From HB Require Import structures.
From mathcomp Require Import all_boot all_order all_algebra.
From mathcomp Require Import all_classical all_reals all_analysis.
From mathcomp Require Import measurable_realfun ring lra.
Set Implicit Arguments. Unset Strict Implicit. Unset Printing Implicit Defensive.
Import Order.TTheory GRing.Theory Num.Theory.
Local Open Scope classical_set_scope.
Local Open Scope ring_scope.

(* With u := lambda * x, the integrand exp (u - u^2/2 [x > y]) is bounded
   pointwise by 1 + u + coef lambda y * x^2 [x <= y]: on {x > y} because
   exp (u - u^2/2) <= 1 + u for u >= 0, and on {x <= y} because
   v |-> (e^v - 1 - v)/v^2 is nondecreasing, so its value at lambda * x is at
   most its value at lambda * y.  Conditional expectation is monotone and
   affine, so the left-hand side is at most
   1 + lambda E(xi | F_{i-1}) + coef lambda y * E(xi^2 [xi <= y] | F_{i-1});
   the supermartingale property removes the middle term and 1 + t <= e^t
   concludes. *)

Section expR_bounds.
Variable R : realType.
Implicit Types s t u : R.

Lemma series_exp_coeff_le_expR u N : 0 <= u -> series (exp_coeff u) N <= expR u.
Proof.
move=> u0; apply: nondecreasing_cvgn_le; last exact: is_cvg_series_exp_coeff.
move=> m n mn; rewrite /series /= (big_cat_nat (leq0n m) mn) /= lerDl.
by apply: sumr_ge0 => k _; exact: exp_coeff_ge0.
Qed.

Lemma series_exp_coeffE u N : (2 <= N)%N ->
  series (exp_coeff u) N = 1 + u + \sum_(2 <= k < N) exp_coeff u k.
Proof.
move=> N2; rewrite /series /= big_ltn ?(leq_trans _ N2)// big_ltn//.
by rewrite /exp_coeff /= expr0 expr1 !divr1 addrA.
Qed.

Lemma series_exp_coeff3 u : series (exp_coeff u) 3 = 1 + u + u ^+ 2 / 2.
Proof. by rewrite series_exp_coeffE// big_nat1 /exp_coeff /=. Qed.

Lemma series_exp_coeff4 u :
  series (exp_coeff u) 4 = 1 + u + u ^+ 2 / 2 + u ^+ 3 / 6.
Proof.
rewrite series_exp_coeffE// big_nat_recr// big_nat1 /exp_coeff /= addrA.
by rewrite !factS fact0.
Qed.

Lemma expR_ge1DxDsqr s : 0 <= s -> 1 + s + s ^+ 2 / 2 <= expR s.
Proof. by move=> s0; rewrite -series_exp_coeff3 series_exp_coeff_le_expR. Qed.

Lemma expR_le1DxDsqr t : t <= 0 -> expR t <= 1 + t + t ^+ 2 / 2.
Proof.
move=> t0; set u := - t; have u0 : 0 <= u by rewrite oppr_ge0.
have -> : t = - u by rewrite opprK.
have hu := series_exp_coeff_le_expR 4 u0; rewrite series_exp_coeff4 in hu.
have p_gt0 : 0 < 1 - u + u ^+ 2 / 2 by nra.
rewrite sqrrN expRN -div1r ler_pdivrMr ?expR_gt0//.
apply: le_trans (ler_wpM2l (ltW p_gt0) hu); rewrite -subr_ge0.
have -> : (1 - u + u ^+ 2 / 2) * (1 + u + u ^+ 2 / 2 + u ^+ 3 / 6) - 1
  = u ^+ 3 * (2 + u + u ^+ 2) / 12 by field.
by rewrite !mulr_ge0 ?invr_ge0 ?ler0n ?exprn_ge0 ?addr_ge0 ?sqr_ge0.
Qed.

(* (1 + v) * expR (v^2/2 - v) is nondecreasing and equals 1 at v = 0. *)
Lemma is_derive_1DxexpR u :
  is_derive u 1 (fun v : R => (1 + v) * expR (2^-1 * v ^+ 2 - v))
    (u ^+ 2 * expR (2^-1 * u ^+ 2 - u)).
Proof.
have hD := is_deriveD (is_derive_cst (1 : R) u 1) (is_derive_id u 1).
have hE := is_derive1_comp (is_derive_expR _)
  (is_deriveB (is_deriveZ 2^-1 (is_deriveX 2 (is_derive_id u 1))) (is_derive_id u 1)).
have hM := is_deriveM hD hE; set F := (_ * _) in hM.
rewrite (_ : (fun v => _) = F); last exact/funext.
apply: (is_derive_eq hM).
rewrite /GRing.scale /= /GRing.scale /=.
set E := expR _; rewrite -[(cst 1 + id) u]/(1 + u).
by field.
Qed.
(* Let $k\geq1$ and $d_1,\dots,d_k\geq3$ be integers and $T=W_{d_1}\otimes\cdots\otimes W_{d_k}$. Then $Z_k$ is the only zero-dimensional scheme evincing the cactus rank of $T$; that is, $Z_k$ is the unique zero-dimensional scheme $A\subseteq(\mathbb{P}^1)^k$ with $\deg(A)=c_{d_1,\dots,d_k}(T)$ and $[T]\in\langle\nu_{d_1,\dots,d_k}(A)\rangle$.
   Context: Identify $S^d\mathbb{C}^2$ with binary forms in a basis $\{x,y\}$; $W_d=x^{d-1}y$. $\nu_{d_1,\dots,d_k}:(\mathbb{P}^1)^k\to\mathbb{P}(S^{d_1}\mathbb{C}^2\otimes\cdots\otimes S^{d_k}\mathbb{C}^2)$, $([v_1],\dots,[v_k])\mapsto[v_1^{d_1}\otimes\cdots\otimes v_k^{d_k}]$, is the Segre–Veronese embedding; $\langle Y\rangle$ denotes linear span of a subscheme. The cactus rank $c_{d_1,\dots,d_k}(T)$ is the minimal degree of a zero-dimensional scheme $A\subseteq(\mathbb{P}^1)^k$ with $[T]\in\langle\nu_{d_1,\dots,d_k}(A)\rangle$. Let $o_1=[x]\in\mathbb{P}^1$, $Z_1\subseteq\mathbb{P}^1$ the degree-2 scheme supported at $o_1$ with ideal $(\partial_y^2)$, and $Z_k=Z_1\times\cdots\times Z_1$ (degree $2^k$). *)

From mathcomp Require Import all_boot all_algebra.
From mathcomp Require Import reals.
From mathcomp.real_closed Require Import complex.
From mathcomp Require Import mpoly.
Set Implicit Arguments. Unset Strict Implicit. Unset Printing Implicit Defensive.
Import GRing.Theory.
Local Open Scope ring_scope.

(* The Cox ring of (P^1)^k is S = F[X_1,Y_1,...,X_k,Y_k], multigraded by Z^k,
   realised as {mpoly F[k + k]}: X_i = 'X_(lshift k i), Y_i = 'X_(rshift k i).
   Here X_i = d/dx_i, Y_i = d/dy_i are the coordinates on the i-th P^1 = P(C^2)
   (C^2 with basis {x_i,y_i}).  The same polynomial ring, read in the variables
   x_i,y_i, models the tensor space S^{d_1}C^2 (x) ... (x) S^{d_k}C^2
   (multihomogeneous forms of multidegree d).
   A closed subscheme of (P^1)^k is encoded by its B-saturated multihomogeneous
   ideal (B = prod_i (X_i,Y_i) the irrelevant ideal); this is a bijection
   (Cox). *)

Section Defs.
Variables (F : fieldType) (k : nat).
Local Notation S := {mpoly F[k + k]}.

Definition xv (i : 'I_k) : 'I_(k + k) := lshift k i.
Definition yv (i : 'I_k) : 'I_(k + k) := rshift k i.

Definition mono_mdeg (D : 'I_k -> nat) (m : 'X_{1..k + k}) : bool :=
  [forall i, m (xv i) + m (yv i) == D i].

Definition mhomog (D : 'I_k -> nat) (f : S) : Prop :=
  forall m, m \in msupp f -> mono_mdeg D m.

Definition mcomp (D : 'I_k -> nat) (f : S) : S :=
  \sum_(m <- msupp f | mono_mdeg D m) f@_m *: 'X_[m].

Definition is_ideal (I : S -> Prop) : Prop :=
  [/\ I 0, (forall f g, I f -> I g -> I (f + g)) & (forall f g, I g -> I (f * g))].

Definition is_mhomog_ideal (I : S -> Prop) : Prop :=
  is_ideal I /\ forall f D, I f -> I (mcomp D f).

(* saturated w.r.t. B = prod_i (X_i,Y_i); B^N is generated by the monomials
   of multidegree (N,...,N) *)
Definition B_saturated (I : S -> Prop) : Prop :=
  forall f, (exists N, forall m, mono_mdeg (fun _ => N) m -> I ('X_[m] * f)) -> I f.

(* dim_F (S/I)_D = n : there are n forms of multidegree D whose classes form a
   basis of (S/I)_D *)
Definition hilb_eq (I : S -> Prop) (D : 'I_k -> nat) (n : nat) : Prop :=
  exists b : 'I_n -> S,
    [/\ forall j, mhomog D (b j),
        (forall c : 'I_n -> F, I (\sum_j c j *: b j) -> forall j, c j = 0) &
        (forall f, mhomog D f ->
           exists c : 'I_n -> F, I (f - \sum_j c j *: b j))].

(* the scheme with ideal I has degree n: the Hilbert function is eventually
   equal to n (for all multidegrees D with every D i large) *)
Definition has_degree (I : S -> Prop) (n : nat) : Prop :=
  exists N, forall D : 'I_k -> nat, (forall i, (N <= D i)%N) -> hilb_eq I D n.

(* I is the ideal of a zero-dimensional subscheme of (P^1)^k (a closed
   subscheme whose multigraded Hilbert function is eventually constant) *)
Definition zero_dim_scheme (I : S -> Prop) : Prop :=
  [/\ is_mhomog_ideal I, B_saturated I & exists n, has_degree I n].

Definition apolar (G T : S) : F :=
  \sum_(m <- msupp G) G@_m * T@_m * (\prod_(j < k + k) ((m j)`!)%:R).

(* [T] lies in the linear span <nu_d(A)>, A the scheme with ideal I:
   T <> 0 and T is annihilated by (I)_d, i.e. by all hyperplanes containing
   nu_d(A) *)
Definition in_span (d : 'I_k -> nat) (I : S -> Prop) (T : S) : Prop :=
  T != 0 /\ forall G, I G -> mhomog d G -> apolar G T = 0.

Definition is_cactus_rank (d : 'I_k -> nat) (T : S) (r : nat) : Prop :=
  (exists I, [/\ zero_dim_scheme I, has_degree I r & in_span d I T]) /\
  (forall I n, zero_dim_scheme I -> has_degree I n -> in_span d I T -> (r <= n)%N).

Definition Wtensor (d : 'I_k -> nat) : S :=
  \prod_(i < k) ('X_(xv i) ^+ (d i).-1 * 'X_(yv i)).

# EXERCISE DIRECTIONS
Starting with the line that holds "(forall I n, zero_dim_scheme", copy every line through the end of the data above. Reproduce them exactly, with no other material.

# RESPONSE TO THE EXERCISE
  (forall I n, zero_dim_scheme I -> has_degree I n -> in_span d I T -> (r <= n)%N).

Definition Wtensor (d : 'I_k -> nat) : S :=
  \prod_(i < k) ('X_(xv i) ^+ (d i).-1 * 'X_(yv i)).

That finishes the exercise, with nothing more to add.